5 things Google needs to do better in 2021

Google I/O Keynote
Google I/O Keynote (Image credit: Android Central)

Google isn't the same feel-good company it was 10 years ago. But while the "Don't be evil" motto has changed and fewer people think of Google as a benevolent overlord, the company isn't actually any more terrible than any other. It's just fun to argue about tech on the internet.

But there are a lot of places where Google can do better. Whether it's how it makes the best Android phones even better or how the company handles pressing social issues, all of us can think of a few ways Google needs to get better at doing.

1. Pay its fair share of taxes

Photos only. No shenanigans.

Source: Android Central (Image credit: Source: Android Central)

A little back story is in order here, but I started with this because it's something all companies doing business in the U.S. need to start doing. Or start getting sued for.

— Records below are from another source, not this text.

(* r_n = ceil(rho_n^(-1/3) p_n^(-1)), as a natural number (it is >= 1 since
   the argument is > 0 for n >= 1) *)
Definition rr {R : realType} (p q : nat -> R) (n : nat) : nat :=
  `| Num.ceil (powR (rho p q n) (- (1/3)) / p n) |%N.

(* Let th = (1 - p)^r and m = F s, so that B ~ Bin(m, th).  Since m th = F s - F s (1 - th),
   B + F (1 - s) - F (1 - pq)^r is the fluctuation B - m th plus the deterministic drift
   F ((1 - (1 - pq)^r) - q (1 - th)) - F q e (1 - th), where s = q (1 + e).  Second-order
   Bonferroni bounds give |1 - (1 - pq)^r - q (1 - (1 - p)^r)| <= q C(r,2) p^2, and
   (r - 1) p <= rho^(-1/3) -> 0, so the drift is o(V) with V = p^2 q^2 n r.
   The fluctuation is handled by a Chernoff bound for the number m - B of failures: its mean
   m (1 - th) <= m r p = O(V) is of the order of the deviation itself, so the tail is at most
   2 exp(-c V).  Finally V >= p q^2 n rho^(-1/3) = rho^(2/3) (1 + log n), hence
   exp(-c V) <= n^-4 eventually, which is o(p^2 q r / n^2). *)

From mathcomp Require Import all_boot all_order all_algebra.
From mathcomp Require Import all_classical all_reals all_analysis.
From mathcomp Require Import ring lra.
Import Order.TTheory GRing.Theory Num.Theory.
Local Open Scope classical_set_scope.
Local Open Scope ring_scope.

This particular Dutch sandwich only tastes good to mega-corporations.

For a long time, Google used what's called the "Dutch sandwich.)" tax strategy. Google used offices in Ireland, the Netherlands, and Bermuda to pay next to nothing on billions of dollars for years. It works like this: money is moved from an Irish subsidiary to a Dutch capital holding company, then to an Irish owned company in Bermuda that has the "rights" to use and license Google intellectual property. Bermuda, it seems, has zero corporate income taxes, and this was all legal until 2014.

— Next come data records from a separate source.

(* Let $\mathcal U_n$ be the group of unitary operators on $\mathbb C^n$ and $\mathcal D_n=\{e^{ic}I: c\in\mathbb R\}$ its subgroup of scalar unitaries. Then $D(U,V)$ depends only on the cosets $U\mathcal D_n$ and $V\mathcal D_n$, and the induced function $D:(\mathcal U_n/\mathcal D_n)\times(\mathcal U_n/\mathcal D_n)\to\mathbb R$ is a metric on the quotient group $\mathcal U_n/\mathcal D_n$.
   Context: For unitary operators $U,V$ on $\mathbb C^n$ (standard inner product) define the u-distance $D(U,V)=\max_{\|\psi\|=1}\big(1-|\langle\psi,U^\dagger V\psi\rangle|^2\big)^{1/2}=\big(1-\min_{\|\psi\|=1}|\langle\psi,U^\dagger V\psi\rangle|^2\big)^{1/2}$. *)

From HB Require Import structures.
From mathcomp Require Import all_boot all_order all_algebra.
From mathcomp Require Import complex.
From mathcomp Require Import all_classical all_reals.
From mathcomp Require Import trigo.
Set Implicit Arguments. Unset Strict Implicit. Unset Printing Implicit Defensive.
Import Order.TTheory GRing.Theory Num.Theory.
Local Open Scope ring_scope.
Local Open Scope classical_set_scope.

Section UDist.
Variable R : realType.
Variable n : nat.

Definition adjmx (m p : nat) (A : 'M[R[i]]_(m, p)) : 'M[R[i]]_(p, m) :=
  (map_mx (@conjc R) A)^T.

Definition cinner (psi phi : 'cV[R[i]]_n) : R[i] :=
  (adjmx psi *m phi) 0 0.

Definition cnorm (psi : 'cV[R[i]]_n) : R :=
  Num.sqrt (\sum_(k < n) ComplexField.Normc.normc (psi k 0) ^+ 2).

Definition unitary (U : 'M[R[i]]_n) : Prop :=
  adjmx U *m U = 1%:M /\ U *m adjmx U = 1%:M.

Definition expi (c : R) : R[i] := (cos c +i* sin c)%C.

(* u-distance: D(U,V) = max_{||psi||=1} (1 - |<psi, U^dag V psi>|^2)^{1/2},
   the maximum being written as a supremum (it is attained by compactness). *)
Definition udist (U V : 'M[R[i]]_n) : R :=
  sup [set Num.sqrt (1 - ComplexField.Normc.normc (cinner psi ((adjmx U *m V) *m psi)) ^+ 2)
      | psi in [set psi : 'cV[R[i]]_n | cnorm psi = 1]].

End UDist.

(** For unit vectors the quantity [sqrt (1 - |<x, y>|^2)] is the sine of the
    Fubini-Study angle between the lines [C x] and [C y], so it satisfies the
    triangle inequality: writing [x = a y + x'] and [z = b y + z'] with
    [x', z'] orthogonal to [y], Cauchy-Schwarz on [<x', z'> = <x, z> - a^* b]
    gives [|a| |b| <= |<x, z>| + sqrt (1 - |a|^2) sqrt (1 - |b|^2)], which is
    the addition formula [cos (alpha + beta) <= |<x, z>|] in disguise.  Since
    [D(U, V)] is the supremum of this sine between [psi] and [U^* V psi] and
    multiplying by unitaries preserves inner products, symmetry, the triangle
    inequality and invariance under phases follow pointwise.  Finally
    [D(U, V) = 0] says every unit vector is an eigenvector of [U^* V], which
    forces [U^* V] to be a unimodular scalar. *)
From HB Require Import structures.
From mathcomp Require Import all_boot all_order all_algebra.
From mathcomp Require Import complex.
From mathcomp Require Import all_classical all_reals.
From mathcomp Require Import trigo.
From mathcomp Require Import ring lra.
Set Implicit Arguments. Unset Strict Implicit. Unset Printing Implicit Defensive.
Import Order.TTheory GRing.Theory Num.Theory.

Local Open Scope complex_scope.
Local Open Scope ring_scope.

Local Notation normc := ComplexField.Normc.normc.

(* With (a, s) = (cos alpha, sin alpha) and (b, t) = (cos beta, sin beta),
   the hypothesis reads cos (alpha + beta) <= c. *)
Lemma sin_add_sqr_ge (R : realFieldType) (a b c s t : R) : 0 <= a <= 1 -> 0 <= b <= 1 -> 0 <= c ->
  0 <= s -> 0 <= t -> s ^+ 2 = 1 - a ^+ 2 -> t ^+ 2 = 1 - b ^+ 2 ->
  a * b - s * t <= c -> 1 - c ^+ 2 <= (s + t) ^+ 2.
Proof.
move=> /andP[a0 a1] /andP[b0 b1] c0 s0 t0 hs ht hc.
have st0 : 0 <= s * t by rewrite mulr_ge0.
have [ab_le_st|st_lt_ab] := lerP (a * b) (s * t).
  have : (a * b) ^+ 2 <= (s * t) ^+ 2 by rewrite ler_pXn2r ?nnegrE ?mulr_ge0.
  rewrite !exprMn hs ht.
  by move: hs ht; rewrite !expr2 => hs ht; nra.
have hc2 : (a * b - s * t) ^+ 2 <= c ^+ 2.
  by rewrite ler_pXn2r ?nnegrE // subr_ge0 ltW.
have : (s * b + t * a) ^+ 2 <= (s + t) ^+ 2.
  have sbta : s * b + t * a <= s + t by apply: lerD; apply: ler_piMr.
  by rewrite ler_pXn2r ?nnegrE ?addr_ge0 ?mulr_ge0.
have : (a * b - s * t) ^+ 2 + (s * b + t * a) ^+ 2 =
       (a ^+ 2 + s ^+ 2) * (b ^+ 2 + t ^+ 2) by ring.
rewrite hs ht !subrKC mulr1.
lra.
Qed.

Lemma sqrt1B_sqr_triangle (R : rcfType) (a b c : R) :
  0 <= a <= 1 -> 0 <= b <= 1 -> 0 <= c ->
  a * b <= c + Num.sqrt (1 - a ^+ 2) * Num.sqrt (1 - b ^+ 2) ->
  Num.sqrt (1 - c ^+ 2) <= Num.sqrt (1 - a ^+ 2) + Num.sqrt (1 - b ^+ 2).
Proof.
move=> ha hb c0 hab.
have sqr_sqrt1B (x : R) : 0 <= x <= 1 -> Num.sqrt (1 - x ^+ 2) ^+ 2 = 1 - x ^+ 2.
  by case/andP=> x0 x1; rewrite sqr_sqrtr // subr_ge0 expr_le1.
rewrite -[leRHS]ger0_norm ?addr_ge0 ?sqrtr_ge0 // -sqrtr_sqr ler_sqrt ?sqr_ge0 //.
apply: sin_add_sqr_ge ha hb c0 _ _ (sqr_sqrt1B _ ha) (sqr_sqrt1B _ hb) _;
  rewrite ?sqrtr_ge0 //.
by rewrite lerBlDr.
Qed.

Section ComplexNorm.
Variable R : rcfType.
Implicit Types z : R[i].

Lemma normcE z : `|z| = (normc z)%:C.
Proof. by []. Qed.

Lemma normc_ge0 z : 0 <= normc z.
Proof. by case: z => a b; rewrite sqrtr_ge0. Qed.

Lemma normc_conj z : normc z^* = normc z.
Proof. by apply: complexI; rewrite -!normcE normcJ. Qed.

Lemma sqr_normcE z : `|z| ^+ 2 = (normc z ^+ 2)%:C.
Proof. by rewrite normcE rmorphXn. Qed.

Lemma mul_conjc_normc z : z^* * z = (normc z ^+ 2)%:C.
Proof. by rewrite mulrC -sqr_normc sqr_normcE. Qed.

End ComplexNorm.

Lemma normc_expi (R : realType) (c : R) : normc (expi c) = 1.
Proof. by rewrite /expi /= cos2Dsin2 sqrtr1. Qed.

Part of the arrangement when Irish tax law changed in 2014 was that Google could continue to dodge taxes this way until 2020. Sounds like it's solved then, right? It's not. Incentives offered by the Trump administration drastically lowered corporate taxes and the Jobs Act of 2018 allows corporations to move money made overseas into the U.S. without paying any additional tax. This means Google is able to bring billions into the country without paying any taxes and only has to pay about 20% of income earned in the U.S.

You might think that this is smart business. You also probably pay more than 20% in taxes. Google needs to pay its fair share. Period.

2. Fix tablet apps

Samsung Galaxy Tab S7+

Source: Hayato Huseman / Android Central (Image credit: Source: Hayato Huseman / Android Central)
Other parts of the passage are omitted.